Saved data entries:
::::

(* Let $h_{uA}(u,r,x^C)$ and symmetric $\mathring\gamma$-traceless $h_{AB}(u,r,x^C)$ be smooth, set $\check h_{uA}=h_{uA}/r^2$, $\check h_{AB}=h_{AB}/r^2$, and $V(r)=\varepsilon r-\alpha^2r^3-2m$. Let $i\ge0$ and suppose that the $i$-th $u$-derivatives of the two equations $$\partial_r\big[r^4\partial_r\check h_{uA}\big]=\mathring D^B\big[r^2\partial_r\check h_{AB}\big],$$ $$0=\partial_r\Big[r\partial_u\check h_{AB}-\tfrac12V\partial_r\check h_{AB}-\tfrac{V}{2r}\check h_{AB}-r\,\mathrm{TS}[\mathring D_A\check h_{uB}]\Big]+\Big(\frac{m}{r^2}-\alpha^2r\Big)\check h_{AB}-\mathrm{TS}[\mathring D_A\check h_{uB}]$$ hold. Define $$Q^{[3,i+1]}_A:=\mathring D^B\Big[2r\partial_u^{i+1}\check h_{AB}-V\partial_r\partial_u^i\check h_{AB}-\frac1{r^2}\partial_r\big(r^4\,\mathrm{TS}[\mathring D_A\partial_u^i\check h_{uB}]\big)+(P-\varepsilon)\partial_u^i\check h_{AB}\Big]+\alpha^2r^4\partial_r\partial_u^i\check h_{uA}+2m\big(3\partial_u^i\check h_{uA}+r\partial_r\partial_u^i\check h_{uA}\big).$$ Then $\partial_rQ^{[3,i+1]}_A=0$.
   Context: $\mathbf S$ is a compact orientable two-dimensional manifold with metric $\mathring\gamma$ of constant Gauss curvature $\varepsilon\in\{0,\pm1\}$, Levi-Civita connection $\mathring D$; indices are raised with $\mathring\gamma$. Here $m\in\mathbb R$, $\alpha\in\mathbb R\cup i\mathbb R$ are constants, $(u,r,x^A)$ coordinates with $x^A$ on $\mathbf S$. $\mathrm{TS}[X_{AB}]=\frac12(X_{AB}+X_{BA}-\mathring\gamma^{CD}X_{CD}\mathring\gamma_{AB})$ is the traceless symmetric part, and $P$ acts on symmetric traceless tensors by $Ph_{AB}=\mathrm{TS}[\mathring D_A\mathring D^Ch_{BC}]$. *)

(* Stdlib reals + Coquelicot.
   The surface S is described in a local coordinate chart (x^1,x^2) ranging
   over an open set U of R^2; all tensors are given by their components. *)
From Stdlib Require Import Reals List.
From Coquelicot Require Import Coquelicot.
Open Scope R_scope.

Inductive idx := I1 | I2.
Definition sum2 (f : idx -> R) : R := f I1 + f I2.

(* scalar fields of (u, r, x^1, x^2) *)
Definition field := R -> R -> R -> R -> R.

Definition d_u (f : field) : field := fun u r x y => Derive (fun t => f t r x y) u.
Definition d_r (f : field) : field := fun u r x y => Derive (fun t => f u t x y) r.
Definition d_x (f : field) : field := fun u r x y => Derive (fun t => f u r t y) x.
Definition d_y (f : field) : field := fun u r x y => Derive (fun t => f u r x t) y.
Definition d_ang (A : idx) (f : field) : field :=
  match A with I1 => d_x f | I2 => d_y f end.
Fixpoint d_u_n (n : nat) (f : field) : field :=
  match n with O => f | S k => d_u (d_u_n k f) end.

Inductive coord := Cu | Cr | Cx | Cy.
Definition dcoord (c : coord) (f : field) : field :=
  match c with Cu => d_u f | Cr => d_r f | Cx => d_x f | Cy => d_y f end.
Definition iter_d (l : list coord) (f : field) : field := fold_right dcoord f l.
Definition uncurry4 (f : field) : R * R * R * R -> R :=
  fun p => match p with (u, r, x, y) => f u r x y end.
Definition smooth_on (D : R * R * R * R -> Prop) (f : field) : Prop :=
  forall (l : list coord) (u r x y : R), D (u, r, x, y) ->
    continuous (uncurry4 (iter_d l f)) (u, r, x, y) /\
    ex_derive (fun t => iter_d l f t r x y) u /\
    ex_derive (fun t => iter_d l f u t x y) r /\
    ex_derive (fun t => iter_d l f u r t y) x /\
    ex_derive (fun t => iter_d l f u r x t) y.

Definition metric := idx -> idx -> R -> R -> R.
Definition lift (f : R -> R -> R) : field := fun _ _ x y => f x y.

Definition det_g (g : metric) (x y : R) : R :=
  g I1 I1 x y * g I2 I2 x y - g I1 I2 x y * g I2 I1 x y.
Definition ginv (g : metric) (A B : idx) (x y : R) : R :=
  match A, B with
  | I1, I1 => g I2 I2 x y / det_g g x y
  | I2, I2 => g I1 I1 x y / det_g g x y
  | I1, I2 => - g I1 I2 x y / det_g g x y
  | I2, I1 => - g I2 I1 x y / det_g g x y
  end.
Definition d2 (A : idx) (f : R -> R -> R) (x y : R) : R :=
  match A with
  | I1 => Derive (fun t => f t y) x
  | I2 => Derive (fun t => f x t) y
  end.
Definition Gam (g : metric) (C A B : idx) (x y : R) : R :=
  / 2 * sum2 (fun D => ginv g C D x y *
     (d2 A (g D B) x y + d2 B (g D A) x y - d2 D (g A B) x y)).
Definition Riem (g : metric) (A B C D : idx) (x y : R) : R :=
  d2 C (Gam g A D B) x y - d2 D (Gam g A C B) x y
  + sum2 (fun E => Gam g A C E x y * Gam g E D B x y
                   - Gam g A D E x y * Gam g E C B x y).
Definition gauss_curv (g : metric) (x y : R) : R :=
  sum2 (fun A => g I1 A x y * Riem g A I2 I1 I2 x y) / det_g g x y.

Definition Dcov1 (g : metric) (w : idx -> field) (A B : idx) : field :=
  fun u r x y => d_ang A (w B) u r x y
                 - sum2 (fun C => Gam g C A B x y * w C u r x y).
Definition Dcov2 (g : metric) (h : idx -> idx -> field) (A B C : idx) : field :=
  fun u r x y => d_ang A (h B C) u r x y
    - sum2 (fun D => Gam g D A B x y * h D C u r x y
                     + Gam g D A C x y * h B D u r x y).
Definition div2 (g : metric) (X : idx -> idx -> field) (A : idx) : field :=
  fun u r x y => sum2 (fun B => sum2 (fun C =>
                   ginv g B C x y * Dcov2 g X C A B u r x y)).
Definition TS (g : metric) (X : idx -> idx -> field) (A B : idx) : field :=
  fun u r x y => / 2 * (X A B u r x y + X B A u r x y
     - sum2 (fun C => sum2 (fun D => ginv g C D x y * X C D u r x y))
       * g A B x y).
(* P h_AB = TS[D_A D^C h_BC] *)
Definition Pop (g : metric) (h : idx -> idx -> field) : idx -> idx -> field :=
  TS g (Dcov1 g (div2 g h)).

::::

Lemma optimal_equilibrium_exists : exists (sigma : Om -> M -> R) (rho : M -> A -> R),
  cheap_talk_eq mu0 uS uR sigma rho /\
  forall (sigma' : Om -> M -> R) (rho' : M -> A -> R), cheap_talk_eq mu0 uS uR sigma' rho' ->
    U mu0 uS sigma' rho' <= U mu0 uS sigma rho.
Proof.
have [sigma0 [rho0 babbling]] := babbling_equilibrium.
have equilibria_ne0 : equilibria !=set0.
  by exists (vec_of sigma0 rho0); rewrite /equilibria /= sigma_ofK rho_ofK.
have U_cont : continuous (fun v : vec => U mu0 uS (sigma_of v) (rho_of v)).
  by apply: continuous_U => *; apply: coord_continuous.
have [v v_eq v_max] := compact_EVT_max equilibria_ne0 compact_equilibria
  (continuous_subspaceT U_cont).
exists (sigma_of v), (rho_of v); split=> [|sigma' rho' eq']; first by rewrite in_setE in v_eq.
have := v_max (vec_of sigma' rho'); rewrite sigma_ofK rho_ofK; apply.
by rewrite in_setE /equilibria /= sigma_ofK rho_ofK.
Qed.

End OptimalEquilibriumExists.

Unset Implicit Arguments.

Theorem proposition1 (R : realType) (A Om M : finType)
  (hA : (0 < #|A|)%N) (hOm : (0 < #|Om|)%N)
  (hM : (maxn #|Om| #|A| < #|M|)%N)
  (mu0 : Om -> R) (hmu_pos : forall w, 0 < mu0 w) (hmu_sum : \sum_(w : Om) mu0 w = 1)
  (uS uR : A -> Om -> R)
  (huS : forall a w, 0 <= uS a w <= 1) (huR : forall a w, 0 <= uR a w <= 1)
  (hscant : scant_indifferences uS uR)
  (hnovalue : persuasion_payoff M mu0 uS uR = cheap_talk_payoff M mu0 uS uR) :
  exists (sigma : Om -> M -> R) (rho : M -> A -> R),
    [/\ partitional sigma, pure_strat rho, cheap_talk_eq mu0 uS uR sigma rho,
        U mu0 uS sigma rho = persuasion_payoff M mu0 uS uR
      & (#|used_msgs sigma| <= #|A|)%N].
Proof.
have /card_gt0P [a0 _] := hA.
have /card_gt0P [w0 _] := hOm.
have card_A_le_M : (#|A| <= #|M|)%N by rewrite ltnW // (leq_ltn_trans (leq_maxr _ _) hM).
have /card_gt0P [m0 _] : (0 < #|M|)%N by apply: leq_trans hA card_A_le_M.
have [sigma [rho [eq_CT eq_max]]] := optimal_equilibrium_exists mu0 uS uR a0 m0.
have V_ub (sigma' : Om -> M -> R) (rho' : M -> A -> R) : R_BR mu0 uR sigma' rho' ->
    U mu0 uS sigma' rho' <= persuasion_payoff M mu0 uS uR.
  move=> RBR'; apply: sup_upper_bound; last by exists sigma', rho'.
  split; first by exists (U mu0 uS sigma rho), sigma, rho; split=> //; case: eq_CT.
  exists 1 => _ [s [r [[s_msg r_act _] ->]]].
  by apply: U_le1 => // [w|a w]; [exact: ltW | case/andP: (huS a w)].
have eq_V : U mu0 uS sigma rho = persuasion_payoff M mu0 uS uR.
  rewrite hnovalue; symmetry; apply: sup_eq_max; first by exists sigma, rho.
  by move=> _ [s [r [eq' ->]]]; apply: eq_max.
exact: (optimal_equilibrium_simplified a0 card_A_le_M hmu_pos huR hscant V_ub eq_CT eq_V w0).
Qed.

::::

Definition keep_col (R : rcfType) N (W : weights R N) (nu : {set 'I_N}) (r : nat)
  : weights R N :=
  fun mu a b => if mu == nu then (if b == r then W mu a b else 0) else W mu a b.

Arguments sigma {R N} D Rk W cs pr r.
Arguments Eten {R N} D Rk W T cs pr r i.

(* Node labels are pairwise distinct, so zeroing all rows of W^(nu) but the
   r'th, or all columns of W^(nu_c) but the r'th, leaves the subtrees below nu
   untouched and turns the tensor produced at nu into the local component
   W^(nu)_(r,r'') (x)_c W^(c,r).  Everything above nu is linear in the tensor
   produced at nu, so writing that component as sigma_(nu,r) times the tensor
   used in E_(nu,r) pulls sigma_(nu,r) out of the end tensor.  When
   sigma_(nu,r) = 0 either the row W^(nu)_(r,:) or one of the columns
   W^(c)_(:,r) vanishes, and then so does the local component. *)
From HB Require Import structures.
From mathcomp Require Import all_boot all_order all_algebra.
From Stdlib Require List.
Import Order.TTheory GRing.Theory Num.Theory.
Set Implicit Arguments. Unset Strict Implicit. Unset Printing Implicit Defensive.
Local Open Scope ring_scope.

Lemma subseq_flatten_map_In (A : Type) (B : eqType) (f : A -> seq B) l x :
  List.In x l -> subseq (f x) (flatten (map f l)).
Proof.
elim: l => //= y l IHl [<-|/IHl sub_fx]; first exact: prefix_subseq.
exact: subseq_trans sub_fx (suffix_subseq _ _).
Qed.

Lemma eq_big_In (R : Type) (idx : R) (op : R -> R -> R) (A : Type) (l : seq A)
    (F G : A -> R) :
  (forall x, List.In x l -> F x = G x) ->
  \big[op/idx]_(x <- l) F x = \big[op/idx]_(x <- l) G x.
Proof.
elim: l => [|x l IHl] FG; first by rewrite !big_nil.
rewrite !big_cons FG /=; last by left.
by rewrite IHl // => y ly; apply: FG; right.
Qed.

::::

* WHAT IS REQUIRED
Print exactly the lines above from the one with "Local Open Scope ring_scope." to the one with "rewrite !big_cons FG /=; last by left.", including both.

* TASK RESPONSE
Local Open Scope ring_scope.

Lemma subseq_flatten_map_In (A : Type) (B : eqType) (f : A -> seq B) l x :
  List.In x l -> subseq (f x) (flatten (map f l)).
Proof.
elim: l => //= y l IHl [<-|/IHl sub_fx]; first exact: prefix_subseq.
exact: subseq_trans sub_fx (suffix_subseq _ _).
Qed.

Lemma eq_big_In (R : Type) (idx : R) (op : R -> R -> R) (A : Type) (l : seq A)
    (F G : A -> R) :
  (forall x, List.In x l -> F x = G x) ->
  \big[op/idx]_(x <- l) F x = \big[op/idx]_(x <- l) G x.
Proof.
elim: l => [|x l IHl] FG; first by rewrite !big_nil.
rewrite !big_cons FG /=; last by left.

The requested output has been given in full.